Simulations of 3D Separation in the Diffuser

Large eddy simulations of an asymmetric diffuser characterized by complex 3-D flow separation for which RANS models provide qualitatively wrong predictions have been performed.. An incompressible, turbulent, fully-developed flow in a rectangular duct (aspect ratio 1:3.33) expands into this diffuser. Two such diffusers were constructed by deflecting a pair of adjacent walls for the experiments in Cherry et al. ^{[1, 2]} (2006, 2008) and Buice, C. U. and Eaton, J. K. ^[3]. Most of our simulations consider Diffuser 1 with wall deflection angles 11.3° and 2.56°. In the experiments, flow begins to separate at the corner formed by the two deflected walls and then spreads so that flow is separated from the wall at the larger deflection angle. In simulations with RANS models, flow separates from the wall with the smaller deflection. It has been possible to obtain solutions with LES where flow separates correctly, off the wall at the larger deflection angle, as in the experiment.
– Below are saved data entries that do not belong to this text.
Lemma base_urysohn_step (x : T -> R) (a e : R) : continuous x -> 0 < e ->
  exists p, forall t, (a + e <= x t -> base_urysohn p t = 1) /\
                      (x t <= a -> base_urysohn p t = 0).
Proof.
move=> x_cont e_gt0.
have closed_ge c : closed [set t | c <= x t].
  by move: (proj1 (continuous_closedP x) x_cont _ (@closed_ge _ c)).
have open_gt c : open [set t | c < x t].
  rewrite (_ : [set t | c < x t] = x @^-1` `]c, +oo[); last first.
    by apply/seteqP; split => t /=; rewrite in_itv /= andbT.
  by apply: open_comp => [t _|]; [exact: x_cont|exact: interval_open].
have [s1 [ge_s1 s1_gt]] : exists s, [set t | a + e <= x t] `<=` base_union s /\
    base_union s `<=` [set t | a + e / 2 < x t].
  apply: closed_sub_base_union => // t /=; apply: lt_le_trans.
  by rewrite ltrD2l ltr_pdivrMr // ltr_pMr // ltr1n.
have [s2 [ge_s2 s2_gt]] : exists s, [set t | a + e / 2 <= x t] `<=` base_union s /\
    base_union s `<=` [set t | a < x t].
  by apply: closed_sub_base_union => // t /=; apply: lt_le_trans; rewrite ltrDl divr_gt0.
have sub : closure (base_union (s1, s2).1) `<=` base_union (s1, s2).2.
  apply: subset_trans ge_s2; rewrite [X in _ `<=` X](closure_id _).1 //.
  by apply: closureS => t /s1_gt /ltW.
have [one zero] := base_urysohn_sep sub.
exists (s1, s2) => t; split => [/ge_s1|xa]; first exact: one.
by apply: zero => /s2_gt /=; rewrite ltNge xa.
Qed.
(* Let $C_N$ be the undirected cycle on $N$ vertices, $r>0$ and $\delta\in[0,1]$, and consider the mixed $\delta$-updating process starting with a single mutant. Define $F_k:=rk+(N-k)$ and $$\gamma_k=\begin{cases}\dfrac{(1-\delta)/F_k+\delta/N}{(1-\delta)r/F_k+2r\delta/((1+r)N)}&\text{if }k=1,\\[8pt]\dfrac{(1-\delta)/F_k+2\delta/((1+r)N)}{(1-\delta)r/F_k+\delta/N}&\text{if }k=N-1,\\[8pt]\dfrac{(1-\delta)/F_k+2\delta/((1+r)N)}{(1-\delta)r/F_k+2r\delta/((1+r)N)}&\text{otherwise}.\end{cases}$$ Then $$\mathsf{fp}_r^\delta(C_N)=\frac{1}{1+\sum_{j=1}^{N-1}\prod_{k=1}^{j}\gamma_k}.$$
   Context: Mixed $\delta$-updating on an undirected unweighted graph $G=(V,E)$ with $N$ vertices: each vertex holds a mutant (fitness $r$) or wild-type (fitness $1$); $f_S(u)$ is the fitness at $u$ when $S$ is the mutant set. At each step, with probability $\delta$ a death-Birth step: choose $v$ uniformly to die, choose a neighbor $u$ of $v$ with probability proportional to $f_S(u)$, $u$ copies its type onto $v$; with probability $1-\delta$ a Birth-death step: choose $u$ with probability proportional to $f_S(u)$ among all vertices, choose a uniformly random neighbor $v$ of $u$, $u$ copies its type onto $v$. $\mathsf{fp}_r^\delta(G)=\frac1N\sum_{u\in V}\mathsf{fp}_r^\delta(G,\{u\})$, where $\mathsf{fp}_r^\delta(G,S_0)$ is the probability all vertices eventually become mutant from mutant set $S_0$ (on the cycle this is the same for every single starting vertex). *)

From HB Require Import structures.
From mathcomp Require Import all_boot all_order all_algebra.
From mathcomp Require Import all_classical all_reals all_analysis.
Set Implicit Arguments. Unset Strict Implicit. Unset Printing Implicit Defensive.
Import Order.TTheory GRing.Theory Num.Theory.
Import numFieldNormedType.Exports.
Local Open Scope classical_set_scope.
Local Open Scope ring_scope.
Lemma periodic_valid (x : nat -> R) (r : nat -> bool) :
  periodic r -> (forall n, 0 < x n) -> cv_infty x -> valid_strategy (mkStrategy x r).
Proof.
  intros hper hpos hinf.
  assert (hside : forall s M, exists i, (1 <= i)%nat /\ r i = s /\ M < x i).
  { intros s M. destruct (hinf M) as [N hN].
    destruct (periodic_side_after r hper s N) as (i & hNi & hi & hri).
    exists i. auto. }
  split; [intros i _; apply hpos | split; intro M; apply hside].
Qed.

(* A target at distance [D] beyond [x n] on the side of step [n] (or beyond [x 0 = lam] on
   the side of step 2) is found at step [n + 2] at cost [(C - a1) * x n + a1 * D <= C * D]. *)
Definition equalizing (a1 b1 a2 b2 C : R) (x : nat -> R) : Prop :=
  forall n, round_costs a1 b1 a2 b2 x (S n) + b1 = (C - a1) * x n.

Lemma equalizing_of_recurrence (a1 b1 a2 b2 C : R) (x : nat -> R) :
  round_costs a1 b1 a2 b2 x 1 + b1 = (C - a1) * x 0%nat ->
  (forall n, (a1 * x (S (S n)) + b1) + (a2 * x (S (S n)) + b2) = (C - a1) * (x (S n) - x n)) ->
  equalizing a1 b1 a2 b2 C x.
Proof.
  intros h0 hrec n. induction n as [|n IH]; [exact h0|].
  simpl round_costs at 1. rewrite hrec, Rmult_minus_distr_l. simpl in IH. lra.
Qed.
Lemma hyp_arg_bounds p q r : q <= p < 0 -> 0 < r < p - q ->
  0 <= ((p - q) ^ 2 - r ^ 2) / ((p + q) ^ 2 - r ^ 2) < 1 /\
  / (1 - ((p - q) ^ 2 - r ^ 2) / ((p + q) ^ 2 - r ^ 2)) <= q / p.
Proof.
  intros Hpq Hr.
  assert (HD : 0 < (p + q) ^ 2 - r ^ 2) by nra.
  split; [split|].
  - apply Rdiv_le_0_compat; nra.
  - apply Rmult_lt_reg_r with ((p + q) ^ 2 - r ^ 2); [exact HD|].
    unfold Rdiv. rewrite Rmult_assoc, Rinv_l; nra.
  - replace (/ (1 - ((p - q) ^ 2 - r ^ 2) / ((p + q) ^ 2 - r ^ 2)))
      with (((p + q) ^ 2 - r ^ 2) / (4 * p * q)) by (field; nra).
    apply Rle_trans with (4 * q ^ 2 / (4 * p * q)); [|right; field; lra].
    unfold Rdiv. apply Rmult_le_compat_r; [apply Rlt_le, Rinv_0_lt_compat; nra | nra].
Qed.

Lemma RInt_inv_sqrt_le S A C : 0 <= A < S -> 0 <= C ->
  ex_RInt (fun r => C / (sqrt S * sqrt (S - r))) 0 A /\
  RInt (fun r => C / (sqrt S * sqrt (S - r))) 0 A <= 2 * C.
Proof.
  intros HA HC.
  set (F := fun r => -2 * C * sqrt (S - r) / sqrt S).
  assert (HS : 0 < sqrt S) by (apply sqrt_lt_R0; lra).
  assert (HF : forall r, 0 <= r <= A -> is_derive F r (C / (sqrt S * sqrt (S - r)))).
  { intros r Hr. assert (0 < sqrt (S - r)) by (apply sqrt_lt_R0; lra).
    unfold F. auto_derive; [lra|]. replace (S + - r) with (S - r) by ring. field. lra. }
  assert (HI : is_RInt (fun r => C / (sqrt S * sqrt (S - r))) 0 A (F A - F 0)).
  { apply (is_RInt_derive F).
    - intros r Hr. rewrite Rmin_left, Rmax_right in Hr by lra. now apply HF.
    - intros r Hr. rewrite Rmin_left, Rmax_right in Hr by lra.
      assert (0 < sqrt (S - r)) by (apply sqrt_lt_R0; lra).
      apply (ex_derive_continuous (K := R_AbsRing) (V := R_NormedModule)).
      auto_derive. replace (S + - r) with (S - r) by ring.
      repeat split; try lra. apply Rgt_not_eq, Rmult_lt_0_compat; lra. }
  split; [eexists; exact HI|].
  rewrite (is_RInt_unique _ _ _ _ HI). unfold F. rewrite Rminus_0_r.
  assert (0 <= sqrt (S - A) / sqrt S) by (apply Rdiv_le_0_compat; [apply sqrt_pos | lra]).
  replace (-2 * C * sqrt (S - A) / sqrt S - -2 * C * sqrt S / sqrt S)
    with (2 * C - 2 * C * (sqrt (S - A) / sqrt S)) by (field; lra).
  nra.
Qed.

Lemma RInt_not_ex_RInt (f : R -> R) a b : ~ ex_RInt f a b -> RInt f a b = 0.
Proof.
  intros H. unfold RInt, iota, lim; simpl. unfold R_complete_lim.
  rewrite (Lub_Rbar_eqset _ (fun _ => True)).
  - replace (Lub_Rbar (fun _ : R => True)) with p_infty; [reflexivity|].
    symmetry. apply is_lub_Rbar_unique. split; [intros x _; exact I|].
    intros [x| |] Hx; simpl; auto.
    + specialize (Hx (x + 1) I). simpl in Hx. lra.
    + exact (Hx 0 I).
  - intros x; split; [auto|]. intros _ y Hy. exfalso. apply H. now exists y.
Qed.

Lemma Cmod_Ekernel_le l mc : 1 < l -> exists K, 0 <= K /\
  forall t b r, 1 <= b -> b <= t -> 0 < r < phi l t - phi l b ->
  Cmod (Ekernel l mc r t b)
  <= K * Rpower (Rabs (phi l b)) (1 / (1 - l)) * (1 + ln (phi l b / phi l t)) ^ (1 - sgnM l mc)
     / (sqrt (- (phi l t + phi l b)) * sqrt (- (phi l t + phi l b) - r)).
Proof.
  intros hl.
  assert (HM : 0 <= Mpar l mc) by (unfold Mpar; apply Rdiv_le_0_compat; [apply sqrt_pos | lra]).
  destruct (hyp2F1_diag_bound (Mpar l mc)) as [KF [HKF HF]].
  set (K2 := Cmod (cpow_real 2 (Cmult (RtoC 2) (apar l mc)))).
  set (Kl := Cmod (cpow_real (1 - l) (RtoC (l / (1 - l))))).
  assert (HK2 : 0 <= K2) by apply Cmod_ge_0. assert (HKl : 0 <= Kl) by apply Cmod_ge_0.
  exists (K2 * Kl * KF). split; [now repeat apply Rmult_le_pos|].
  intros t b r Hb Hbt Hr.
  pose proof (phi_neg l t hl ltac:(lra)) as Hpt. pose proof (phi_le l t b hl ltac:(lra) Hbt).
  set (pt := phi l t) in *. set (pb := phi l b) in *. set (S := - (pt + pb)).
  destruct (hyp_arg_bounds pt pb r ltac:(lra) Hr) as [Hz Hzq].
  set (z := ((pt - pb) ^ 2 - r ^ 2) / ((pt + pb) ^ 2 - r ^ 2)) in *.
  pose proof (Cmod_phi_cpow_le l (Mpar l mc) b hl ltac:(lra) HM) as Hpow.
  pose proof (Cmod_cpow_neg_half_le S r (Mpar l mc) ltac:(unfold S; lra)) as Hden.
  replace (S ^ 2) with ((pt + pb) ^ 2) in Hden by (unfold S; ring).
  assert (Hhyp : Cmod (hyp2F1 (apar l mc) (apar l mc) (RtoC 1) (RtoC z))
                 <= KF * (1 + ln (pb / pt)) ^ (1 - sgnM l mc)).
  { eapply Rle_trans; [apply HF, Hz|]. apply Rmult_le_compat_l; [exact HKF|].
    pose proof (inv_1_minus_ge_1 z Hz) as Hinv.
    apply pow_incr. split.
    - pose proof (ln_ge_0 _ Hinv). lra.
    - apply Rplus_le_compat_l, ln_le; lra. }
  unfold Ekernel. cbv zeta. fold pt pb z K2 Kl. rewrite !Cmod_mult.
  set (rho := Rpower (Rabs pb) (1 / (1 - l))) in *.
  set (Lk := (1 + ln (pb / pt)) ^ (1 - sgnM l mc)) in *.
  replace (K2 * Kl * KF * rho * Lk / (sqrt S * sqrt (S - r)))
    with (K2 * Kl * rho * / (sqrt S * sqrt (S - r)) * (KF * Lk)) by (unfold Rdiv; ring).
  repeat apply Rmult_le_compat; try apply Cmod_ge_0;
    try (repeat apply Rmult_le_pos; apply Cmod_ge_0); try apply Rle_refl; assumption.
Qed.

Theorem lemma3p3 (l mc : R) (hl : 1 < l) (hm : (3 * l - 1) ^ 2 <= 4 * mc ^ 2) :
  exists Cst : R, forall t b : R, 1 <= t -> 1 <= b -> b <= t ->
    RInt (fun r => Cmod (Ekernel l mc r t b)) 0 (phi l t - phi l b)
    <= Cst * Rpower (Rabs (phi l b)) (1 / (1 - l))
           * (1 + ln (phi l b / phi l t)) ^ (1 - sgnM l mc).
Proof.
  destruct (Cmod_Ekernel_le l mc hl) as [K [HK Hker]].
  exists (2 * K). intros t b Ht Hb Hbt.
  pose proof (phi_neg l t hl ltac:(lra)). pose proof (phi_neg l b hl ltac:(lra)).
  pose proof (phi_le l t b hl ltac:(lra) Hbt).
  set (C := K * Rpower (Rabs (phi l b)) (1 / (1 - l))
            * (1 + ln (phi l b / phi l t)) ^ (1 - sgnM l mc)).
  assert (HC : 0 <= C).
  { unfold C. apply Rmult_le_pos; [apply Rmult_le_pos; [exact HK | apply Rlt_le, exp_pos]|].
    apply pow_le. pose proof (ln_ge_0 _ (phi_ratio_ge_1 l t b hl ltac:(lra) Hbt)). lra. }
  replace (2 * K * _ * _) with (2 * C) by (unfold C; ring).
  destruct (RInt_inv_sqrt_le (- (phi l t + phi l b)) (phi l t - phi l b) C ltac:(lra) HC)
    as [Hex Hle].
  destruct (classic (ex_RInt (fun r => Cmod (Ekernel l mc r t b)) 0 (phi l t - phi l b)))
    as [Hint | Hint].
  - eapply Rle_trans; [|exact Hle].
    apply RInt_le; [lra | exact Hint | exact Hex |]. intros r Hr. now apply Hker.
  - (* A non-integrable function has [RInt] equal to 0. *)
    rewrite RInt_not_ex_RInt by exact Hint. lra.
Qed.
The LES finds a qualitatively correct separation, with characteristics in close quantitative agreement (within 5%) with the experimental values for Diffuser 1. The effects of variations in grid aspect ratio, grid refinement, inlet length, number of flow passes, and secondary flow structure upstream of the diffuser on solutions were determined. An LES was carried out for Diffuser 2 (deflection angles of 9° and 4° respectively), applying all lessons learnt in Diffuser 1 studies. It was found that the results for Diffuser 2 are not as quantitatively close to the experimental results as in case of the Diffuser 1, but the discrepancies appear to have a similar origin in some finer aspect of diffuser inflow conditions.